БЕЛЫЙ ТЕКСТ НА ЧЕРНОМ ФОНЕ
ЧЕРНЫЙ ТЕКСТ НА БЕЛОМ ФОНЕ

ТОТАРТ

Наталья Абалакова и Анатолий Жигалов

ТОТАРТ—ПРОЕКТ ИНТЕРВЬЮ

Дымок (из трубки) не для всех, как и все остальное

Идея Проекта: сюжетная стратегия Проекта состоит в исследовании границы, отделяющей воспоминание от истолкования.

Метод исследования: интервью.

... Кто–то из французов назвал фотографию “смертельным врагом”. Еще русские классики формальной школы считали, что фотография оказала серьезную услугу литературе, выявив иллюзорность языка в его надеждах доподлинно описать состояние предметного мира; сохранялась иллюзорность того, что слово может передать абстрактную мысль. Этот миф и связанные с ним надежды теперь принадлежат истории письма. Современное искусство видит реальность через объектив. Реальность наших воспоминаний жизни поглощается целиком искусством, становясь фотографическим эффектом, а истолкование становится воспоминанием. След на фотопленке, обращаясь непосредственно к зрителю—собеседнику, говорит с ним напрямую, разрушая грань, отделяющую воспоминание от истолкования. С твоими делами знакомятся при помощи фотографии, где она интерпретатор и посредник, делающий современным искусством твою жизнь или воспоминание о ней. События жизни сами становятся медиа и как таковые фактически могут управлять вкусами, пристрастиями и поведением людей. Будучи весьма спорным жанром искусства, фотография может превращать в искусство все что угодно. Иначе говоря, “любое искусство стремится стать фотографией”, как об этом говорит Сюзан Зонтаг. Используя современные технологии — кино, телевидение, видео, цифровые технологии, предтечей которых являлась фотография, мы превращаем искусство в мета—искусство, доволя его до трансперсонального коммуникативного посредника. (Маршалл Маклюэн о средствах массовой информации, которые сами и есть сообщение.)
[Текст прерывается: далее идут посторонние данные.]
(* Let $(\mathcal{X},\rho,\nu)$ be a metric measure space where $\rho$ is a doubling metric and $\nu$ is a finite Borel measure. Then the set $\mathcal{F}_0$ of measurable functions with $\nu$-negligible boundary is dense in $L^1(\mathcal{X},\nu)$: for every $\eta\in L^1(\mathcal{X},\nu)$ and every $\delta>0$ there is $\eta'\in L^1(\mathcal{X},\nu)$ with $\nu(\partial_{\eta'}\mathcal{X})=0$ and $\|\eta-\eta'\|_{L^1(\mathcal{X},\nu)}<\delta$.
   Context: A metric is doubling (with doubling dimension $d$) if every open ball $B(x,r)$ can be covered by $2^d$ balls of radius $r/2$. For a measurable $\eta$, $\mathrm{margin}_\eta(x)=\inf\{\rho(x,x'):\eta(x')\ne\eta(x)\}$ (infimum of empty set $=+\infty$) and $\partial_\eta\mathcal{X}=\{x:\mathrm{margin}_\eta(x)=0\}$. $\mathcal{F}_0=\{\eta \text{ measurable}:\nu(\partial_\eta\mathcal{X})=0\}$. *)

From HB Require Import structures.
From mathcomp Require Import all_boot all_order all_algebra.
From mathcomp Require Import all_classical all_reals all_analysis.
Set Implicit Arguments. Unset Strict Implicit. Unset Printing Implicit Defensive.
Import Order.TTheory GRing.Theory Num.Theory.
Local Open Scope classical_set_scope.
Local Open Scope ring_scope.

Definition is_metric {R : realType} {T : Type} (rho : T -> T -> R) : Prop :=
  [/\ (forall x y, 0 <= rho x y),
      (forall x y, rho x y = 0 <-> x = y),
      (forall x y, rho x y = rho y x) &
      (forall x y z, rho x z <= rho x y + rho y z)].

Definition rball {R : realType} {T : Type} (rho : T -> T -> R) (x : T) (r : R)
  : set T := [set y | rho x y < r].

Definition rho_open {R : realType} {T : Type} (rho : T -> T -> R) : set (set T) :=
  [set A | forall x, A x -> exists2 r : R, 0 < r & rball rho x r `<=` A].

Definition doubling {R : realType} {T : Type} (rho : T -> T -> R) : Prop :=
  exists dd : nat, forall (x : T) (r : R), 0 < r ->
    exists c : 'I_(2 ^ dd) -> T,
      rball rho x r `<=` \bigcup_(i in [set: 'I_(2 ^ dd)]) rball rho (c i) (r / 2).

(* margin_eta(x) = inf { rho(x,x') : eta x' <> eta x }, inf of empty = +oo *)
Definition margin {R : realType} {T : Type} (rho : T -> T -> R) (eta : T -> R)
  (x : T) : \bar R :=
  ereal_inf [set (rho x x')%:E | x' in [set x' | eta x' <> eta x]].

Definition boundary {R : realType} {T : Type} (rho : T -> T -> R) (eta : T -> R)
  : set T := [set x | margin rho eta x = 0%E].

(* By L^1-density of simple functions it suffices to approximate c * 1_A for
   a measurable A by c * 1_B, where B is "locally constant off a null set":
   every point outside a nu-null set has a ball inside B or inside ~` B.
   Finite sums of such functions are locally constant off a null set, hence
   have nu-negligible boundary.  The sets A approximable in measure of
   symmetric difference by such B contain the open sets and form a
   sigma-algebra (countable unions by continuity of the finite measure), so
   they contain all Borel sets.  For an open U, with g the distance to ~` U,
   U is the increasing union of the open sets {g > 1/(n+1)}, and {g > t} is
   locally constant off the level set {g = t}; these level sets are disjoint,
   so by finiteness of nu all but countably many of them are null. *)

From HB Require Import structures.
From mathcomp Require Import all_boot all_order all_algebra.
From mathcomp Require Import all_classical all_reals all_analysis.
From mathcomp Require Import finmap lra measurable_realfun.
Import Order.TTheory GRing.Theory Num.Theory.
Import numFieldNormedType.Exports HBSimple.
Local Open Scope classical_set_scope.
Local Open Scope ring_scope.

Lemma indic_setY {R : numDomainType} {T : Type} (A B : set T) (x : T) :
  `|\1_A x - \1_B x| = \1_(A `+` B) x :> R.
Proof.
rewrite /indic; have [Ax|nAx] := pselect (A x); have [Bx|nBx] := pselect (B x).
- rewrite (mem_set Ax) (mem_set Bx) (memNset (_ : ~ (A `+` B) x)).
    by rewrite subrr normr0.
  by case=> -[].
- rewrite (mem_set Ax) (memNset nBx) (mem_set (_ : (A `+` B) x)).
    by rewrite subr0 normr1.
  by left.
- rewrite (memNset nAx) (mem_set Bx) (mem_set (_ : (A `+` B) x)).
    by rewrite sub0r normrN normr1.
  by right.
- rewrite (memNset nAx) (memNset nBx) (memNset (_ : ~ (A `+` B) x)).
    by rewrite subrr normr0.
  by case=> -[].
Qed.

Lemma itv_oo_not_countable {R : realType} {a b : R} :
  a < b -> ~ countable [set` `]a, b[].
Proof.
move=> ab /countable_lebesgue_measure0; rewrite lebesgue_measure_itv /= lte_fin ab.
by move=> /eqP; rewrite -EFinD eqe subr_eq0 => /eqP ba; move: ab; rewrite ba ltxx.
Qed.

Section finite_measure.
Context {d} {T : measurableType d} {R : realType} {nu : {measure set T -> \bar R}}.
Hypothesis nu_fin : (nu setT < +oo)%E.

Lemma finite_measure_lty {A : set T} : measurable A -> (nu A < +oo)%E.
Proof.
by move=> mA; rewrite (le_lt_trans _ nu_fin) // le_measure ?inE //; exact: mem_set.
Qed.

Lemma trivIset_measure_gt_finite (I : choiceType) (S : set I)
    (F : I -> set T) (e : R) :
  (forall i, measurable (F i)) -> trivIset S F -> 0 < e ->
  finite_set [set i | S i /\ (e%:E < nu (F i))%E].
Proof.
move=> mF tF e0; pose M := fine (nu setT).
apply: contrapT => /(infinite_set_fset (Num.truncn (M / e)).+1) [B BS cardB].
have tB : trivIset [set` B] F by move=> i j /BS[Si _] /BS[Sj _]; exact: tF.
have : (\sum_(i <- B) e%:E <= nu setT)%E.
  apply: (@le_trans _ _ (\sum_(i <- B) nu (F i))%E).
    rewrite big_seq_cond [leRHS]big_seq_cond.
    by apply: lee_sum => i /andP[/BS[_ /ltW]].
  rewrite -measure_fbigsetU //; apply: le_measure; rewrite //; apply: mem_set => //.
  exact: bigsetU_measurable.
have /fineK nuT : nu setT \is a fin_num by rewrite ge0_fin_numE.
rewrite sumEFin big_const_seq count_predT iter_addr_0 -nuT -/M lee_fin.
apply/negP; rewrite -ltNge -mulr_natl -ltr_pdivrMr //.
by apply: lt_le_trans (truncnS_gt _) _; rewrite ler_nat.
Qed.

Lemma trivIset_measure_gt0_countable (I : choiceType) (S : set I) (F : I -> set T) :
  (forall i, measurable (F i)) -> trivIset S F ->
  countable [set i | S i /\ (0 < nu (F i))%E].
Proof.
move=> mF tF; pose H n := [set i | S i /\ ((n.+1%:R^-1)%:E < nu (F i))%E].
apply: (@sub_countable _ _ _ (\bigcup_n H n)).
  apply: subset_card_le => i [Si nuF_gt0].
  have /fineK nuFE : nu (F i) \is a fin_num.
    by rewrite ge0_fin_numE // finite_measure_lty.
  rewrite -nuFE lte_fin in nuF_gt0; have [n] := ltr_add_invr nuF_gt0.
  by rewrite add0r => lt_n; exists n => //; split; rewrite // -nuFE lte_fin.
apply: bigcup_countable; first exact: countableP.
move=> n _; apply: finite_set_countable.
exact: trivIset_measure_gt_finite.
Qed.

Lemma exists_null_level {g : T -> R} {a b : R} :
  (forall t, measurable [set x | g x = t]) -> a < b ->
  exists2 t, a < t < b & nu [set x | g x = t] = 0%E.
Proof.
move=> mL ab; pose L t := [set x | g x = t].
have tL : trivIset setT L by move=> s t _ _ [x [/= <- <-]].
apply: contrapT => nonull; apply: (itv_oo_not_countable ab).
have := trivIset_measure_gt0_countable _ _ _ mL tL; apply: sub_countable.
apply: subset_card_le => t abt; split => //; rewrite lt0e measure_ge0 andbT.
by apply/eqP => nu0; apply: nonull; exists t; rewrite // -in_itv.
Qed.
Я мечтаю о вещах, которых никогда не было, и говорю:

А почему бы нет?

Иные видят вещи такими, как они есть и говорят: Да это так!

План видеосценария

Шум моря, который слушает через наушники человек на морском берегу. (Овладение современными технологиями и применение их равнозначно захвату власти.) В этом идеальная соотнесенность фрагмента (записи шума моря) и целого (Океана). Сюжетная стратегия невидимого для нас, но открывающегося за пределами нашего зрения.

Фотография беседующих. Где сами объекты (люди — медиаторы), находящиеся на противоположных полюсах (исторически, в ситуации, социально) попадают в зону неразличения, таким образом размывая полярность и снимая противоположения (снимая понятие оппозиции как категории возрожденческой культуры). Сам образ сообщения, его нарративная сторона — открытость мира. Да , это так.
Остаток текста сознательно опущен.